Now if the VM's are shutdown, then only the disk is moved, and the cluster is updated - since there is no state to preserve onto the new pve host. Hopefully that makes sense.
 
  • Like
Reactions: muekno
Well it depends, in a nutshell - if you are using shared storage, only the state (memory contents) are 'migrated' to the alternate host, and the disk image stays put. If not using shared storage, I believe from watching the output, it first moves/copies (depending on if you select delete source) the disk image over, then it moves the memory contents over, then the cluster engine updates the location of the vm in the cluster. I think it may be using criu on the backend.

Now if the VM's are shutdown, then only the disk is moved, and the cluster is updated - since there is no state to preserve onto the new pve host.

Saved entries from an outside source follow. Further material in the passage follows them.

Lemma rsqrt_sqr_1pX : w ^+ 2 * (1 + x) = 1.
Proof.
apply/eqP; rewrite -subr_eq0; apply/eqP/Theta_ode_eq0; last first.
  by rewrite coefqD coefqN !coefqM0 coefq_1pX0 coefq1 // coef_series // rsqrt_coef0; ring.
rewrite ThetaD ThetaN Theta1 !ThetaM ThetaD Theta1 ThetaX.
transitivity ((w * (1 + x)) * ((1 + x) * Theta w) *+ 2 + (x * w ^+ 2 * (1 + x)) *+ 2).
  ring.
by rewrite rsqrt_ode; ring.
Qed.

Lemma msqrt_mul_rsqrt : s * w = -1.
Proof.
apply/eqP; rewrite -addr_eq0; apply/eqP/Theta_ode_eq0; last first.
  by rewrite coefqD coefqM0 coefq1 // !coef_series // msqrt_coef0 rsqrt_coef0 mulr1 addNr.
rewrite ThetaD Theta1 ThetaM addr0.
transitivity (w * ((1 + x) * Theta s) + s * ((1 + x) * Theta w)); first ring.
by rewrite msqrt_ode rsqrt_ode; ring.
Qed.

Lemma Theta_rsqrt : Theta w = w ^+ 3 - w.
Proof.
have xw2 : x * w ^+ 2 = 1 - w ^+ 2.
  by rewrite -rsqrt_sqr_1pX; ring.
transitivity (w ^+ 2 * (1 + x) * Theta w); first by rewrite rsqrt_sqr_1pX mul1r.
transitivity (w ^+ 2 * ((1 + x) * Theta w)); first ring.
by rewrite rsqrt_ode; transitivity (- (x * w ^+ 2) * w); [ring | rewrite xw2; ring].
Qed.

Lemma Theta_recip : Theta g = g - g ^+ 2 * w.
Proof.
have h0 : Theta g * u + g * (w - u) = 0.
  by rewrite -Theta_asinh -ThetaM recip_mul_asinh Theta1.
transitivity (Theta g * (g * u)); first by rewrite recip_mul_asinh mulr1.
transitivity (g * (Theta g * u + g * (w - u)) - g ^+ 2 * w + g * (g * u)); first ring.
by rewrite h0 recip_mul_asinh; ring.
Qed.

Lemma msqrt_mul_Lop : s * Lop g = g ^+ 4 *+ 6.
Proof.
have sw := msqrt_mul_rsqrt.
have xw2 : x * w ^+ 2 = 1 - w ^+ 2 by rewrite -rsqrt_sqr_1pX; ring.
have w2L : w ^+ 2 * Lop g = - (g ^+ 4 * w ^+ 3) *+ 6.
  rewrite /Lop mulrDr mulrA [w ^+ 2 * x]mulrC xw2 /Theta_sub.
  by rewrite !(ThetaD, ThetaN, ThetaMn, ThetaM, Theta_recip, Theta_rsqrt); ring.
transitivity ((s * w) ^+ 2 * (s * Lop g)); first by rewrite sw; ring.
transitivity (s ^+ 3 * (w ^+ 2 * Lop g)); first ring.
by rewrite w2L; transitivity (- (s * w) ^+ 3 * g ^+ 4 *+ 6); [ring | rewrite sw; ring].
Qed.

Lemma convC0_recip k : convC (fun _ : 'I_k => 0%N) n = (n.*2)`!%:R * (g ^+ k)`_n.
Proof.
rewrite convC_coef prodr_const card_ord /series -rmorphXn coef_trunc //.
rewrite (@eq_poly _ _ _ recip_coef) // => i _.
by rewrite addn0 C2E mulrC mulKf // pnatr_eq0 -lt0n fact_gt0.
Qed.

Lemma coef_recip_exp4 : (g ^+ 4)`_n *+ 6 =
  \sum_(j < n.+1) msqrt_coef (n - j) *
    (recip_coef j * ((2 * j%:R - 1) * (2 * j%:R - 2) * (2 * j%:R - 3))
     + (if (j : nat) == 0%N then 0 else recip_coef j.-1 * (2 * j%:R - 3) ^+ 3)).
Proof.
rewrite -coefqMn -msqrt_mul_Lop coefqMr //; apply: eq_bigr => j _.
have le_jn := leq_ord j; have le_j1n := leq_trans (leq_pred j) le_jn.
by rewrite coef_Lop // !coef_series ?leq_subr.
Qed.

End ArcsinhSeries.

Lemma msqrt_coef_subn n l : (l <= n)%N ->
  msqrt_coef (n - l) =
    (-1) ^+ (n - l) * oddfact (n%:Z - l%:Z - 1) / ((2 ^ (n - l))%:R * (n - l)`!%:R).
Proof. by move=> le_ln; rewrite /msqrt_coef subzn. Qed.
Lemma laurent_meval n (p : {mpoly F[n]}) (v : F -> 'I_n -> F) :
  (forall k, laurent (fun s => v s k)) -> laurent (fun s => p.@[v s]).
Proof.
move=> hv; apply: eq_laurent (fun s _ => esym (mevalE _ _)) _.
apply: laurent_sum => m; apply: laurentM; first exact: laurent_const.
by apply: laurent_prod => i; apply: laurentX.
Qed.

End LaurentFunctions.

Section ZariskiGL2.
Variable C : closedFieldType.
Notation mx := 'M[C]_2.

Lemma laurent_conj_coords (P Q A B : mx) (a b : C -> C) k :
  laurent a -> laurent b ->
  laurent (fun s => mx_coords (P *m (a s *: A + b s *: B) *m Q) k).
Proof.
move=> ha hb.
apply: eq_laurent (laurentD (laurentM ha (laurent_const (mx_coords (P *m A *m Q) k)))
                            (laurentM hb (laurent_const (mx_coords (P *m B *m Q) k)))) => s _.
rewrite /mx_coords mulmxDr mulmxDl -!scalemxAr -!scalemxAl.
by rewrite linearD !linearZ /= !mxE.
Qed.

Lemma closed_curve_dichotomy (H : mx -> Prop) (S : {mpoly C[2 * 2]} -> Prop)
  (hcl : forall g, g \in unitmx -> (H g <-> zero_locus S g))
  (gam : C -> mx) (hunit : forall s, s != 0 -> gam s \in unitmx)
  (hgam : forall k, laurent (fun s => mx_coords (gam s) k)) :
  (forall s, s != 0 -> H (gam s)) \/
  exists q : {poly C}, q != 0 /\ forall s, s != 0 -> H (gam s) -> q.[s] = 0.
Proof.
case: (classic (forall s, s != 0 -> H (gam s))) => [|hout]; [by left | right].
have [s0 [s00 nH]] : exists s0, s0 != 0 /\ ~ H (gam s0).
  by apply: NNPP => hn; apply: hout => s s0; apply: NNPP => nH; apply: hn; exists s; split.
have [p [Sp pn]] : exists p, S p /\ p.@[mx_coords (gam s0)] != 0.
  apply: NNPP => hn; apply: nH; apply/(hcl _ (hunit _ s00)) => p Sp.
  by apply: NNPP => hp; apply: hn; exists p; split => //; apply/eqP.
have [q [N hq]] := laurent_meval p hgam.
exists q; split.
  apply/eqP => q0; have := hq s0 s00; rewrite q0 horner0 => /esym /eqP.
  by rewrite mulf_eq0 (negbTE pn) orbF expf_eq0 (negbTE s00) andbF.
by move=> s sn0 Hs; rewrite hq // ((hcl _ (hunit _ sn0)).1 Hs p Sp) mulr0.
Qed.

Lemma meval_prod (r : seq C) (P : pred C) (G : C -> {mpoly C[2 * 2]}) v :
  (\prod_(rho <- r | P rho) G rho).@[v] = \prod_(rho <- r | P rho) (G rho).@[v].
Proof. exact: (big_morph (meval v) (mevalM v) (meval1 v)). Qed.

(* If a connected Y is covered by finitely many pairwise disjoint zero sets
   Z(G rho), rho \in r, and Z(G rho0) meets Y, then Y lies in Z(G rho0):
   otherwise Z(G rho0) and the union of the other Z(G rho) disconnect Y. *)
Lemma connected_in_one_fiber (Y : mx -> Prop) (hY : zariski_connected Y)
  (r : seq C) (G : C -> {mpoly C[2 * 2]}) (rho0 : C)
  (cover : forall x, Y x -> exists2 rho, rho \in r & (G rho).@[mx_coords x] = 0)
  (disj : forall x, Y x -> forall rho, rho \in r -> rho != rho0 ->
     (G rho).@[mx_coords x] = 0 -> (G rho0).@[mx_coords x] = 0 -> False)
  (x1 : mx) (Yx1 : Y x1) (base : (G rho0).@[mx_coords x1] = 0) :
  forall x, Y x -> (G rho0).@[mx_coords x] = 0.
Proof.
pose S1 := fun p => p = G rho0.
pose S2 := fun p => p = \prod_(rho <- r | rho != rho0) G rho.
have E1 x : zero_locus S1 x <-> (G rho0).@[mx_coords x] = 0.
  by split => [h|h p ->]; [apply: h|].
have E2 x : zero_locus S2 x <->
    exists rho, [/\ rho \in r, rho != rho0 & (G rho).@[mx_coords x] = 0].
  split => [h|[rho [rr rn g0]] p ->].
    have := h _ erefl; rewrite meval_prod => /eqP; rewrite prodf_seq_eq0.
    by case/hasP => rho rr /andP [rn /eqP g0]; exists rho.
  apply/eqP; rewrite meval_prod prodf_seq_eq0; apply/hasP; exists rho => //.
  by rewrite rn g0 eqxx.
have hc g : Y g -> zero_locus S1 g \/ zero_locus S2 g.
  move=> Yg; have [rho rr g0] := cover g Yg.
  case: (eqVneq rho rho0) => [e|ne]; [left; apply/E1; rewrite -e // | right; apply/E2].
  by exists rho.
have hd g : Y g -> zero_locus S1 g -> zero_locus S2 g -> False.
  by move=> Yg /E1 h1 /E2 [rho [rr rn g0]]; exact: (disj g Yg rho rr rn g0 h1).
case: (hY S1 S2 hc hd) => [h x Yx|h]; first exact/E1/h.
by have /E2 [rho [rr rn g0]] := h x1 Yx1; case: (disj x1 Yx1 rho rr rn g0 base).
Qed.

Definition conj_entry (P Q : mx) i j : {mpoly C[2 * 2]} :=
  \sum_(k < 2) \sum_(l < 2) (P i k * Q l j) *: 'X_(mxvec_index k l).

Lemma conj_entryE P Q (x : mx) i j :
  (conj_entry P Q i j).@[mx_coords x] = (P *m x *m Q) i j.
Proof.
rewrite /conj_entry !big_ord2 !mevalD !mevalZ !mevalXU /mx_coords !mxvecE !mulmx2E.
ring.
Qed.

End ZariskiGL2.

Section Subgroups.
Variable C : closedFieldType.
Notation mx := 'M[C]_2.

Section Laws.
Variable G : mx -> Prop.
Hypothesis hG : is_subgroup_GL2 G.

Lemma subgroup_unit x : G x -> x \in unitmx. Proof. by case: hG => hu _ _ _; apply: hu. Qed.
Lemma subgroup1 : G 1%:M. Proof. by case: hG. Qed.
Lemma subgroupM x y : G x -> G y -> G (x *m y).
Proof. by case: hG => _ _ hM _; apply: hM. Qed.
Lemma subgroupV x : G x -> G (invmx x). Proof. by case: hG => _ _ _ hV; apply: hV. Qed.

End Laws.

Variable P : mx.
Hypothesis hP : P \in unitmx.

Lemma conjK x : P *m (invmx P *m x *m P) *m invmx P = x.
Proof. by rewrite !mulmxA mulmxV // mul1mx -mulmxA mulmxV // mulmx1. Qed.
Lemma conjVK x : invmx P *m (P *m x *m invmx P) *m P = x.
Proof. by rewrite !mulmxA mulVmx // mul1mx -mulmxA mulVmx // mulmx1. Qed.

Lemma conj_scalar a : P *m a%:M *m invmx P = a%:M.
Proof. by rewrite mul_mx_scalar -scalemxAl mulmxV // scalemx1. Qed.

Lemma conjM u v : P *m u *m invmx P *m (P *m v *m invmx P) = P *m (u *m v) *m invmx P.
Proof. by rewrite !mulmxA mulmxKV. Qed.

Lemma conj_setE (H : mx -> Prop) g : H g -> conj_set P H (invmx P *m g *m P).
Proof. by rewrite /conj_set conjK. Qed.

Lemma conj_subgroup (H : mx -> Prop) :
  is_subgroup_GL2 H -> is_subgroup_GL2 (conj_set P H).
Proof.
move=> hH; rewrite /conj_set; split.
- move=> x /(subgroup_unit hH); rewrite !unitmx_mul => /andP [/andP [_ ->]] //.
- by rewrite mulmx1 mulmxV //; exact: subgroup1 hH.
- by move=> x y hx hy; rewrite -conjM; exact: subgroupM.
- move=> x hx; have ux : x \in unitmx.
    by move: (subgroup_unit hH hx); rewrite !unitmx_mul => /andP [/andP [_ ->]].
  suff -> : P *m invmx x *m invmx P = invmx (P *m x *m invmx P) by apply: subgroupV.
  by apply/esym/inv_uniq; rewrite !mulmxA mulmxKV // mulmxK // mulmxV.
Qed.

Lemma conj_irreducible (H : mx -> Prop) :
  irreducible_GL2 H -> irreducible_GL2 (conj_set P H).
Proof.
move=> hirr [v [v0 hv]]; apply: hirr; exists (P *m v); split.
  by apply: contraNneq v0 => e; rewrite -(mulKmx hP v) e mulmx0.
move=> h Hh; have [c hc] := hv _ (conj_setE Hh); exists c.
by rewrite -{1}(conjK h) -mulmxA (mulmxA (invmx P)) mulVmx // mul1mx -mulmxA hc scalemxAr.
Qed.

Lemma conj_setM (H : mx -> Prop) (Q : mx) x : Q \in unitmx ->
  conj_set (P *m Q) H x <-> conj_set P H (Q *m x *m invmx Q).
Proof.
move=> hQ; rewrite /conj_set; have -> : invmx (P *m Q) = invmx Q *m invmx P.
  by apply: inv_uniq; rewrite mulmxA mulmxK // mulmxV.
by rewrite !mulmxA.
Qed.

End Subgroups.

(* Bicyclicity of H / K, for K inside the scalars, makes any two elements of
   H commute up to a power of a fixed scalar k (the scalar by which the two
   generators fail to commute); k = 1 when K is trivial. *)
Lemma bicyclic_twisted_comm (C : closedFieldType) (H K : 'M[C]_2 -> Prop)
  (hunit : forall g, H g -> g \in unitmx)
  (hK : forall g, K g -> exists c, g = c%:M) :
  bicyclic_quotient H K ->
  exists k : C, [/\ k != 0, ((forall g, K g -> g = 1%:M) -> k = 1) &
    forall h h', H h -> H h' -> exists e1 e2 : nat,
      k ^+ e1 *: (h *m h') = k ^+ e2 *: (h' *m h)].
Proof.
case=> a [b [n [m [[Ha Hb] _ _ Kc hall]]]].
have Ua := hunit _ Ha; have Ub := hunit _ Hb.
have [k ek] := hK _ Kc.
have hab : a * b = k *: (b * a).
  rewrite -mul_scalar_mx -ek !mulmxE -!mulrA.
  have -> : invmx a = a^-1 by [].
  have -> : invmx b = b^-1 by [].
  by rewrite [b^-1 * (b * a)]mulrA mulVr // mul1r mulVr // mulr1.
have unit_nz (x : 'M[C]_2) : x \in unitmx -> x != 0.
  by apply: contraTneq => ->; rewrite unitmxE det0 unitr0.
have k0 : k != 0.
  apply/eqP => k0; have : (a *m b) \in unitmx by rewrite unitmx_mul Ua Ub.
  by rewrite mulmxE hab k0 scale0r => /unit_nz; rewrite eqxx.
exists k; split => // [trivK|h h' Hh Hh'].
  by have := trivK _ Kc; rewrite ek => /matrixP /(_ 0 0); rewrite !mxE.
have word g : H g -> exists i j (mu : C), mu != 0 /\ a ^+ i * b ^+ j = mu *: g.
  move=> Hg; have [i [j Kij]] := hall g Hg; have [mu emu] := hK _ Kij.
  have e : a ^+ i * b ^+ j = mu *: g.
    by rewrite -mul_mx_scalar -emu mulmxA mulmxV ?mul1mx // (hunit _ Hg).
  exists i, j, mu; split => //; apply/eqP => mu0; move: e; rewrite mu0 scale0r => e.
  have : (a ^+ i *m b ^+ j) \in unitmx by rewrite unitmx_mul !unitrX.
  by rewrite mulmxE e => /unit_nz; rewrite eqxx.
have [i [j [mu [mu0 e]]]] := word h Hh; have [i' [j' [mu' [mu0' e']]]] := word h' Hh'.
exists (j * i')%N, (j' * i)%N.
have h2 := twisted_comm_word hab i' j' i j.
rewrite addnC [(j' + j)%N]addnC -(twisted_comm_word hab i j i' j') e e' in h2.
move: h2; rewrite -!scalerAl -!scalerAr !scalerA => h2.
apply: (scalerI (mulf_neq0 mu0 mu0')); rewrite !scalerA !mulmxE.
have -> : mu * mu' * k ^+ (j * i') = k ^+ (j * i') * mu * mu' by ring.
have -> : mu * mu' * k ^+ (j' * i) = k ^+ (j' * i) * mu' * mu by ring.
by rewrite h2.
Qed.
(* (C, cC) is isomorphic, as a coalgebra, to the path coalgebra KQ: the
   isomorphism KQ -> C is given by the images b p of the basis of paths. *)
Definition iso_path_coalg (C : lmodType K) (cC : coalg C) (Q : quiver) :=
  exists b : qpath Q -> C,
    [/\ forall n (e : 'I_n -> qpath Q) (a : 'I_n -> K),
          injective e -> (forall k, valid_path (e k)) ->
          \sum_(k < n) a k *: b (e k) = 0 -> forall k, a k = 0,
        forall c : C, exists n (e : 'I_n -> qpath Q) (a : 'I_n -> K),
          (forall k, valid_path (e k)) /\ c = \sum_(k < n) a k *: b (e k),
        forall p, valid_path p ->
          teq2 (Delta cC (b p)) [seq (b x.1, b x.2) | x <- decomps p] &
        forall p, valid_path p -> eps cC (b p) = (if p.2 is [::] then 1 else 0)].

End Coalgebras.

From HB Require Import structures.
From mathcomp Require Import all_boot all_order all_algebra zify boolp.
Set Implicit Arguments.
Unset Strict Implicit.
Unset Printing Implicit Defensive.
Import GRing.Theory.
Local Open Scope ring_scope.

(* The trivial paths e_v of the path coalgebra are grouplike, and the paths carry dual
   coordinate functionals delta_p.  If Q has an arrow a : u -> v, then no nonzero H in C^*
   satisfies f * H = f(e_v) H for all f: at a path p from v compare both sides for
   f = delta_a at a p, and at a path p from w <> v for f = delta_{e_w}.  Since
   f -> e_v = f(e_v) e_v, the components of e_v under an embedding of C (or of the comodule
   K e_v) into a free left C^*-module are such H, so the left qcF conditions fail; the right
   ones fail symmetrically at u.
   If s spans a simple subcoalgebra of the pointed coalgebra C, then f |-> lam f(s) is an
   algebra map on C^*, which cannot vanish on the unit eps - c delta_a (its inverse is the
   geometric series in delta_a); so delta_a kills all simple subcoalgebras while
   delta_a(a) = 1, and C is not cosemisimple.  Conversely, if Q is discrete the paths are a
   basis of grouplikes, c |-> sum_v delta_v(c) delta_v embeds C into C^* on both sides, and
   a finite-dimensional comodule embeds into C^n through the coefficient maps
   m |-> sum th(m_0) m_1 of finitely many separating functionals th. *)

Section Linearity.
Variables (K : fieldType) (U : lmodType K).
Implicit Types (f : U -> K).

Hopefully that makes sense.
I assume with shared storage a NAS or something like that, you mean a common storage all nodes are connected.
What I have are cluster nodes with own hard disks, but are common within the cluster, having the same name and the second and third storage ist added with "add storage" checkbox unchecked.
But I assume in a live migration, at some point, the VM has to be stopped at least while copying RAM, otherwise RAM will not be consistent.
 
I assume with shared storage a NAS or something like that, you mean a common storage all nodes are connected.
Yes. Shared Storage is when all nodes have access to the same Storage, like Ceph, GlusterFS (never used that), NAS or "Shared Nothing" like DRBD (=not supported out of the box by Proxmox). If shared storage is not available, Disk mirroring will be done too. Not having Shared Storage means, Live Migration can take quite long time because of having to replicate the disk data - but Live migration is still possible.

It also means, that direct failover in case of node outage is not possible, because the data die with the node.
But I assume in a live migration, at some point, the VM has to be stopped at least while copying RAM, otherwise RAM will not be consistent.
At first Disk Mirroring is happening if necessary. When this is done, RAM-Copying takes place. RAM-Copying is done while the guest VM is running. At the end of copying of RAM, The guest VM is being stop for a very short time (In most cases <100ms Milliseconds. But can also be over a full second. This depends on how much activity is within the guest VM). After that the final bytes are being transferred and directly after that the guest VM is resumed at the target node.

To have stable Live migration, I recommend dedicated network links for migration data and good quality, homogeneous cluster hardware.
 
Last edited:
  • Like
Reactions: muekno
The amazing things with live migration is that you can be logged in via Remote Desktop on a Windows VM that is being live migrated, surf on the web continuously and you don't notice when you are moved to a new node. No disconnect, no noticable delay or anything. I've actually controlled the live migration via the Proxmox web interface from the VM I migrate, works like a charm!
 
  • Like
Reactions: muekno